Das wahre Geheimnis ist viel Alkohol – We Are Scientists im Interview

Keith Murray und Chris Cain, besser bekannt als We Are Scientists, lernten sich am Pomona College in Claremont, Kalifornien kennen. Beide pflegten zunächst eine Freundschaft, die auf der Teilnahme an Stand-up-Comedy basierte, bevor sie beschlossen im Jahr 2000 gemeinsam eine Band zu gründen.

18 Jahre später und mit mittlerweile dem siebten Album „Megaplex“, ist vor allem Humor immer noch großer Bestandteil ihrer Beziehung.
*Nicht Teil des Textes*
(* Let $V:\mathbb{R}^{d_1}\times\mathbb{R}^{d_2}\to\mathbb{R}^n$ be residual-homogeneous, $V(\theta_1,\theta_2)=\Phi\theta_1+g(\theta_2)$, where $\Phi\in\mathbb{R}^{n\times d_1}$ has full rank and $g$ is continuously differentiable and $h$-homogeneous, and suppose there are constants $C,\ell>0$ with $\Vert V(\theta)\Vert_\mu\le C\Vert\theta\Vert^\ell$ for all $\theta=(\theta_1,\theta_2)$. Let $\Pi_\Phi$ be the projection onto the column span of $\Phi$ and let $B_\Phi=\frac{\Vert (I-\gamma P)(V^*-\Pi_\Phi V^* )\Vert_\mu}{1-\gamma}$. Then for any initial condition $\theta(0)=\theta_0$, if $\theta(t)$ follows the dynamics $$\dot\theta=-\nabla V(\theta)^T A\,(V(\theta)-V^* ),$$ we have $\liminf_{t\to\infty}\Vert V(\theta(t))-\Pi_\Phi V^*\Vert_\mu\le B_\Phi$.
   Context: A Markov reward process has finite state space $\mathcal{S}$ with $|\mathcal{S}|=n$, transition matrix $P$ (entries $P(s'|s)$) defining an irreducible, aperiodic Markov chain with stationary distribution $\mu$, a finite reward function $r(s,s')$, and discount factor $\gamma\in[0,1)$. Let $R(s)=\mathbb{E}_{s'\sim P(\cdot|s)}[r(s,s')]$ and let $V^*\in\mathbb{R}^n$ be the unique solution of $V^*=R+\gamma PV^*$. Let $D_\mu=\mathrm{diag}(\mu)$ and $A:=D_\mu(I-\gamma P)$. For $x\in\mathbb{R}^n$, $\Vert x\Vert_\mu^2=x^TD_\mu x$; $\Vert\theta\Vert$ is the Euclidean norm. $\nabla V(\theta)$ is the Jacobian of $V$ with respect to $\theta=(\theta_1,\theta_2)\in\mathbb{R}^{d_1+d_2}$. A differentiable $f:\mathbb{R}^k\to\mathbb{R}^m$ is $h$-homogeneous (for $h\in\mathbb{R}$) if $f(x)=h\,\nabla f(x)\,x$ for all $x$. The projection $\Pi_\Phi$ is taken orthogonal with respect to the inner product $\langle x,y\rangle_\mu=x^TD_\mu y$. *)

(* Vectors are ROW vectors 'rV[R]_k, following MathComp-Analysis's
   convention for derivatives: for f : 'rV_p -> 'rV_q, the library jacobian
   'J f x : 'M_(p, q) satisfies 'D_v f x = v *m 'J f x, i.e. 'J f x is the
   TRANSPOSE of the usual (q x p) Jacobian matrix nabla f(x). *)
From HB Require Import structures.
From mathcomp Require Import all_boot all_order all_algebra.
From mathcomp Require Import all_classical all_reals all_analysis.
Set Implicit Arguments. Unset Strict Implicit. Unset Printing Implicit Defensive.
Import Order.TTheory GRing.Theory Num.Theory.
Import numFieldNormedType.Exports.
Local Open Scope ring_scope.

Section Defs.
Variable R : realType.

Definition matvec (m k : nat) (M : 'M[R]_(m, k)) (x : 'rV[R]_k) : 'rV[R]_m :=
  (M *m x^T)^T.

(* P(s'|s) = P s s' : a (row-)stochastic matrix *)
Definition stochastic (n : nat) (P : 'M[R]_n) : Prop :=
  (forall i j, 0 <= P i j) /\ (forall i, \sum_j P i j = 1).

Definition irreducible (n : nat) (P : 'M[R]_n) : Prop :=
  forall i j, exists k : nat, 0 < (P ^+ k) i j.

(* aperiodic: for every state i, gcd {k >= 1 | P^k(i,i) > 0} = 1, i.e.
   every common divisor of the return times equals 1 *)
Definition aperiodic (n : nat) (P : 'M[R]_n) : Prop :=
  forall i (d : nat),
    (forall k : nat, (0 < k)%N -> 0 < (P ^+ k) i i -> (d %| k)%N) -> d = 1%N.

Definition stationary_dist (n : nat) (P : 'M[R]_n) (mu : 'rV[R]_n) : Prop :=
  (forall i, 0 <= mu 0 i) /\ \sum_i mu 0 i = 1 /\ mu *m P = mu.

Definition exp_reward (n : nat) (P : 'M[R]_n) (r : 'I_n -> 'I_n -> R)
  : 'rV[R]_n := \row_s \sum_s' P s s' * r s s'.

Definition Dmu (n : nat) (mu : 'rV[R]_n) : 'M[R]_n := diag_mx mu.

Definition Amat (n : nat) (mu : 'rV[R]_n) (gamma : R) (P : 'M[R]_n) : 'M[R]_n :=
  Dmu mu *m (1%:M - gamma *: P).

Definition muinner (n : nat) (mu : 'rV[R]_n) (x y : 'rV[R]_n) : R :=
  \sum_i mu 0 i * x 0 i * y 0 i.

Definition munorm (n : nat) (mu : 'rV[R]_n) (x : 'rV[R]_n) : R :=
  Num.sqrt (muinner mu x x).

Definition euclid_norm (k : nat) (x : 'rV[R]_k) : R :=
  Num.sqrt (\sum_i x 0 i ^+ 2).

Definition C1 (p q : nat) (f : 'rV[R]_p -> 'rV[R]_q) : Prop :=
  (forall x, differentiable f x) /\ continuous (fun x => 'J f x).

Definition homogeneous (p q : nat) (h : R) (f : 'rV[R]_p -> 'rV[R]_q) : Prop :=
  (forall x, differentiable f x) /\ (forall x, f x = h *: (x *m 'J f x)).

(* residual-homogeneous parametrization V(theta1, theta2) = Phi theta1 + g theta2,
   theta = (theta1, theta2) stored as the row vector row_mx theta1 theta2 *)
Definition resV (n d1 d2 : nat) (Phi : 'M[R]_(n, d1))
  (g : 'rV[R]_d2 -> 'rV[R]_n) (theta : 'rV[R]_(d1 + d2)) : 'rV[R]_n :=
  matvec Phi (lsubmx theta) + g (rsubmx theta).

End Defs.

From HB Require Import structures.
From mathcomp Require Import all_boot all_order all_algebra.
From mathcomp Require Import all_classical all_reals all_analysis.
From mathcomp Require Import ring lra.
Import Order.TTheory GRing.Theory Num.Theory.
Import numFieldNormedType.Exports.
Local Open Scope classical_set_scope.
Local Open Scope ring_scope.
Set Implicit Arguments. Unset Strict Implicit. Unset Printing Implicit Defensive.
Wie das Duo seine Auswahl bei Produzenten fällt, was ihnen bei ihrer Musik besonders wichtig ist und in welcher Verbindung George Clooney, Daniel Craig und Quentin Tarantino mit der Band stehen, verriet uns Keith im MusikBlog Interview.

Keith Murray: Du bist die erste, mit der ich heute rede. Meine Antworten werden super frisch sein!

MusikBlog: Eine tolle Begrüßung! Dann erzähle mir doch gleich mal, wie ihr es geschafft habt, 18 Jahre lang zusammen zu bleiben?

Keith Murray: Erstmal: 18, juhu! Endlich volljährig in Deutschland! Und hier auch direkt die dazu passende Antwort: Das wahre Geheimnis ist viel, viel Alkohol! Jeden Abend, den wir aufeinanderhängen, stellen wir sicher, dass jeder einen Old Fashioned in der Hand hat, Pillen in Reichweite sind und ein paar Flaschen Rotwein in der Nähe. Auf diese Weise vergessen wir am nächsten Morgen alles, was passiert ist und können uns funkelnagelneu fühlen! (lacht)

MusikBlog: Funkelnagelneu?

Keith Murray: Es können sicherlich Probleme während des Trinkens passieren, aber wir erinnern uns meistens danach nicht mehr daran! (lacht)

MusikBlog: Wie funktioniert denn das Songwriting bei so viel flüssiger Nahrung?

Keith Murray: Mach dir mal keine Sorgen um frische Ideen! Manchmal scheint es nur schwierig, wegen dem Aspekt der Inspiration. Aber ich glaube, für uns war es nie eine Art belastender Job. Es gibt den Aspekt der Hoffnung und der Verwunderung, ob dir eine gute Idee kommen mag. Mit der Zeit verliert man aber diese Angst, was das Songschreiben einfacher macht. Wir haben mittlerweile so viele Lieder geschrieben, ich habe keine Angst, dass wir keine mehr schreiben könnten.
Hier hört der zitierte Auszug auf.